Top of Entries provided

(* Consider the constrained imperfect SIR model described in the context. Along any barrier integral curve $(S,I)$ of the MRPI set, with nonzero absolutely continuous adjoint $\lambda=(\lambda_1,\lambda_2)^T$ satisfying $\dot\lambda=\begin{pmatrix}\hat\beta(I)I & -\hat\beta(I)I\\ \alpha(I)S & -\alpha(I)S+\gamma\end{pmatrix}\lambda$, $\lambda(\bar t)=(0,1)^T$, and input $\bar\gamma(t)=\gamma_{\min}$ if $\lambda_2(t)>0$, $\gamma_{\max}$ if $\lambda_2(t)<0$ (arbitrary if $=0$), and such that its endpoint $z=(z_1,z_2)=(S(\bar t),I(\bar t))$ satisfies $z_1\neq0$ and the parameters satisfy $2\beta_{\min}>\beta_{\max}$, the input $\bar\gamma$ only switches at isolated points in time (i.e. $\lambda_2$ does not vanish identically on any nonempty open time interval).
   Context: Imperfect SIR model: fix $0<\beta_{\min}\le\beta_{\max}$, $0<\gamma_{\min}\le\gamma_{\max}$, $I_{\max}\in(0,1]$, and the pre-designed feedback $\hat\beta(I)=\frac{\beta_{\min}-\beta_{\max}}{I_{\max}}I+\beta_{\max}$. State $x=(S,I)\in\mathbb{R}^2$; the unknown parameter is a Lebesgue measurable disturbance $\gamma:[t_0,\infty[\to[\gamma_{\min},\gamma_{\max}]$; dynamics $\dot S=-\hat\beta(I)SI$, $\dot I=\hat\beta(I)SI-\gamma I$, written $\dot x=f(x,\gamma)$, with constraint $g(x)=I-I_{\max}\le0$. Here $\alpha(I)=2\frac{\beta_{\min}-\beta_{\max}}{I_{\max}}I+\beta_{\max}$, and the displayed adjoint is $\dot\lambda=-(\partial f/\partial x)^T\lambda$; the rule for $\bar\gamma$ maximizes the Hamiltonian $\lambda^Tf$ over $\gamma$. A barrier integral curve reaches $\{I=I_{\max}\}$ tangentially at time $\bar t$ with these adjoint and input conditions, and lies in $\{0\le I\le I_{\max}\}$. *)

From HB Require Import structures.
From mathcomp Require Import all_boot all_order all_algebra.
From mathcomp Require Import all_classical all_reals all_analysis.
Set Implicit Arguments. Unset Strict Implicit. Unset Printing Implicit Defensive.
Import Order.TTheory GRing.Theory Num.Theory.
Import numFieldNormedType.Exports.
Local Open Scope classical_set_scope.
Local Open Scope ring_scope.

Definition betahat (R : realType) (bmin bmax Imax I : R) : R :=
  (bmin - bmax) / Imax * I + bmax.

(* alpha(I) = 2 (bmin - bmax)/Imax * I + bmax  ( = d/dI (betahat(I) I) ) *)
Definition alphaI (R : realType) (bmin bmax Imax I : R) : R :=
  2 * (bmin - bmax) / Imax * I + bmax.

Definition abs_cont_on (R : realType) (a b : R) (f : R -> R) : Prop :=
  forall e : R, 0 < e -> exists2 d : R, 0 < d &
    forall (n : nat) (u v : nat -> R),
      (forall k, (k < n)%N -> a <= u k /\ u k <= v k /\ v k <= b) ->
      (forall k, (k.+1 < n)%N -> v k <= u k.+1) ->
      \sum_(k < n) (v k - u k) < d ->
      \sum_(k < n) `|f (v k) - f (u k)| < e.

Definition ae_deriv_on (R : realType) (a b : R) (f g : R -> R) : Prop :=
  {ae (@lebesgue_measure R), forall t : R,
     a <= t <= b -> derivable f t 1 /\ 'D_1 f t = g t}.

(* If l2 vanished on ]a, b[, then at a point c of that interval where the adjoint
   equation holds, l2 c = l2' c = 0 reduces the equation to alpha(I c) S c l1 c = 0.
   The hypothesis 2 bmin > bmax makes alpha positive, and S c <> 0 because S solves
   the linear equation S' = -(betahat(I) I) S, so S c = 0 would force S tbar = 0.
   Hence l1 c = 0.  The adjoint system is linear with locally bounded coefficients,
   so the same uniqueness argument makes (l1, l2) vanish on [c, tbar], contradicting
   l2 tbar = 1.  Uniqueness for absolutely continuous solutions is a Gronwall-type
   argument resting on the mean-value inequality |f v - f u| <= L (v - u) for an
   absolutely continuous f with |f'| <= L almost everywhere. *)

From HB Require Import structures.
From mathcomp Require Import all_boot all_order all_algebra.
From mathcomp Require Import all_classical all_reals all_analysis.
From mathcomp Require Import ring lra.
Import Order.TTheory GRing.Theory Num.Theory.
Import numFieldNormedType.Exports.
Local Open Scope classical_set_scope.
Local Open Scope ring_scope.

(* The generic [Filter (almost_everywhere _)] hint does not fire for Lebesgue
   measure. *)
#[local] Instance lebesgue_ae_filter (R : realType) :
  Filter (almost_everywhere (@lebesgue_measure R)) := ae_filter_ringOfSetsType _.

Lemma real_induction {R : realType} (P : R -> Prop) (u v : R) : u <= v -> P u ->
  (forall s, u < s <= v -> (forall z, u <= z < s -> P z) -> P s) ->
  (forall s, u <= s < v -> (forall z, u <= z <= s -> P z) ->
     exists2 h, 0 < h & forall z, s < z < s + h -> P z) ->
  forall z, u <= z <= v -> P z.
Proof.
move=> uv Pu closed open.
pose A := [set y | u <= y <= v /\ forall z, u <= z <= y -> P z].
have Au : A u.
  by split=> [|z /andP[uz zu]]; rewrite ?lexx ?uv // (@le_anti _ _ z u) ?uz ?zu.
have supA : has_sup A by split; [exists u | exists v => y [/andP[_ ->]]].
set s := sup A.
have ub_s y : A y -> y <= s by exact: sup_upper_bound.
have us : u <= s := ub_s u Au.
have sv : s <= v by apply: ge_sup; [exists u | move=> y [/andP[_ ->]]].
have P_below z : u <= z < s -> P z.
  move=> /andP[uz zs]; have sz0 : 0 < s - z by rewrite subr_gt0.
  have [y [_ Py]] := sup_adherent sz0 supA; rewrite -/s => zy.
  by apply: Py; rewrite uz /=; lra.
have P_upto z : u <= z <= s -> P z.
  move=> /andP[uz]; rewrite le_eqVlt => /orP[/eqP->|zs]; last by apply: P_below; rewrite uz.
  move: us; rewrite le_eqVlt => /orP[/eqP<-//|us].
  by apply: closed P_below; rewrite us sv.
have sv' : s = v.
  apply/eqP; rewrite eq_le sv leNgt; apply/negP => sv'.
  have [h h0 Ph] := open s (introT andP (conj us sv')) P_upto.
  pose y := Num.min (s + h / 2) v.
  have sy : s < y by rewrite lt_min sv' andbT ltrDl divr_gt0.
  have yh : y <= s + h / 2 by rewrite ge_min lexx.
  have Ay : A y.
    split; first by rewrite ge_min lexx orbT (le_trans us (ltW sy)).
    move=> z /andP[uz zy]; have [zs|sz] := leP z s; first by apply: P_upto; rewrite uz.
    apply: Ph; rewrite sz /=; lra.
  by have := ub_s y Ay; rewrite leNgt sy.
by rewrite -sv'.
Qed.

Section abs_cont.
Context {R : realType}.
Implicit Types (a b c d : R) (f : R -> R).

Lemma abs_cont_on_sub {a b c d f} :
  abs_cont_on a b f -> a <= c -> d <= b -> abs_cont_on c d f.
Proof.
move=> acf ac db e e0; have [del del0 Hdel] := acf e e0.
exists del => // n u v uv_in ordered small; apply: Hdel => // k kn.
have [cu [uv vd]] := uv_in k kn.
by split; [exact: le_trans cu | split; last exact: le_trans db].
Qed.

Lemma abs_cont_on_cst a b (k : R) : abs_cont_on a b (fun=> k).
Proof.
move=> e e0; exists 1 => // n u v _ _ _.
by rewrite big1 // => i _; rewrite subrr normr0.
Qed.

Lemma abs_cont_on_unif_cont {a b f} {e : R} : abs_cont_on a b f -> 0 < e ->
  exists2 del, 0 < del & forall s t,
    a <= s <= b -> a <= t <= b -> `|t - s| < del -> `|f t - f s| < e.
Proof.
move=> acf e0; have [del del0 Hdel] := acf e e0; exists del => // s t.
wlog st : s t / s <= t.
  move=> W sI tI ts; have [st|ts'] := leP s t; first exact: W.
  by rewrite distrC (W t s) 1?distrC // ltW.
move=> /andP[as_ _] /andP[_ tb] ts.
have := Hdel 1%N (fun=> s) (fun=> t); rewrite !big_ord1; apply => //.
by move: ts; rewrite ger0_norm // subr_ge0.
Qed.

Lemma abs_cont_on_eq0_left {a b f s} : abs_cont_on a b f -> a < s <= b ->
  (forall z, a <= z < s -> f z = 0) -> f s = 0.
Proof.
move=> acf /andP[as_ sb] f0; apply/eqP; rewrite -normr_le0.
apply/ler_addgt0Pr => e e0; rewrite add0r.
have [del del0 Hdel] := abs_cont_on_unif_cont acf e0.
pose z := Num.max a (s - del / 2).
have az : a <= z by rewrite le_max lexx.
have zs : z < s by rewrite gt_max as_ /= ltrBlDr ltrDl divr_gt0.
have fz : f z = 0 by apply: f0; rewrite az zs.
have dist_sz : `|s - z| < del.
  have : s - del / 2 <= z by rewrite le_max lexx orbT.
  by rewrite gtr0_norm ?subr_gt0 //; lra.
have zI : a <= z <= b by rewrite az (le_trans (ltW zs)).
have sI : a <= s <= b by rewrite (ltW as_).
by have := Hdel z s zI sI dist_sz; rewrite fz subr0 => /ltW.
Qed.

End abs_cont.

Lemma derivable_lipschitz_at {R : realType} {f : R -> R} {t L e : R} :
  derivable f t 1 -> `|'D_1 f t| <= L -> 0 < e ->
  exists2 eta, 0 < eta & forall y, `|y - t| < eta ->
    `|f y - f t| <= (L + e) * `|y - t|.
Proof.
move=> df DL e0.
have Df : (fun h => h^-1 *: ((f \o shift t) (h *: 1) - f t)) @ 0^' --> 'D_1 f t := df.
have [eta /= eta0 Heta] := @cvgr_dist_lt _ _ _ (0^') _ _ _ Df _ e0.
exists eta => // y yt; have [->|yt0] := eqVneq y t.
  by rewrite !subrr normr0 mulr0.
have := Heta (y - t); rewrite /ball /= sub0r normrN subr_eq0 => /(_ yt yt0).
rewrite -[(y - t)%:A]/((y - t) * 1) mulr1 subrK.
set q := (y - t)^-1 *: (f y - f t) => Dq.
have -> : f y - f t = (y - t) * q by rewrite /q -[_ *: _]/(_ * _); field; rewrite subr_eq0.
rewrite normrM mulrC ler_wpM2r //.
have := ler_normD ('D_1 f t) (q - 'D_1 f t); rewrite addrC subrK distrC; lra.
Qed.

Section abs_cont_increment.
Context {R : realType}.
Local Notation mu := (@lebesgue_measure R).

Section packed_increment.
Variables (U : set R) (f : R -> R) (u v K : R).
Hypotheses (oU : open U) (K0 : 0 <= K).
Hypothesis lipschitz_off_U : forall s, u <= s <= v -> ~ U s ->
  exists2 r, 0 < r & forall y, `|y - s| < r -> `|f y - f s| <= K * `|y - s|.

(* Invariant of the creeping argument: the increment of [f] on [u, x] is
   [K]-Lipschitz up to the variation of [f] over finitely many non-overlapping
   intervals of total length at most the measure of [U] left of [x].  Taking for
   [U] an open set of small measure around the points where [f] is not
   [K]-Lipschitz, absolute continuity makes that variation small. *)
Definition packed_increment_bound (x : R) : Prop :=
  exists n (a b : nat -> R),
   [/\ (forall k, (k < n)%N -> u <= a k /\ a k <= b k /\ b k <= x),
       (forall k, (k.+1 < n)%N -> b k <= a k.+1),
       ((\sum_(k < n) (b k - a k))%:E <= mu (U `&` `]-oo, x[))%E &
       `|f x - f u| <= K * (x - u) + \sum_(k < n) `|f (b k) - f (a k)|].

Let mU : measurable U := measurable_realfun.open_measurable oU.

Bottom of Entries provided

-- Goal of the exercise --
Among the records above, only the lines between the line holding "have Au : A u." and the line holding "have sy : s", inclusive, are to be output, exactly as written.

-- Your response --
have Au : A u.
  by split=> [|z /andP[uz zu]]; rewrite ?lexx ?uv // (@le_anti _ _ z u) ?uz ?zu.
have supA : has_sup A by split; [exists u | exists v => y [/andP[_ ->]]].
set s := sup A.
have ub_s y : A y -> y <= s by exact: sup_upper_bound.
have us : u <= s := ub_s u Au.
have sv : s <= v by apply: ge_sup; [exists u | move=> y [/andP[_ ->]]].
have P_below z : u <= z < s -> P z.
  move=> /andP[uz zs]; have sz0 : 0 < s - z by rewrite subr_gt0.
  have [y [_ Py]] := sup_adherent sz0 supA; rewrite -/s => zy.
  by apply: Py; rewrite uz /=; lra.
have P_upto z : u <= z <= s -> P z.
  move=> /andP[uz]; rewrite le_eqVlt => /orP[/eqP->|zs]; last by apply: P_below; rewrite uz.
  move: us; rewrite le_eqVlt => /orP[/eqP<-//|us].
  by apply: closed P_below; rewrite us sv.
have sv' : s = v.
  apply/eqP; rewrite eq_le sv leNgt; apply/negP => sv'.
  have [h h0 Ph] := open s (introT andP (conj us sv')) P_upto.
  pose y := Num.min (s + h / 2) v.
  have sy : s < y by rewrite lt_min sv' andbT ltrDl divr_gt0.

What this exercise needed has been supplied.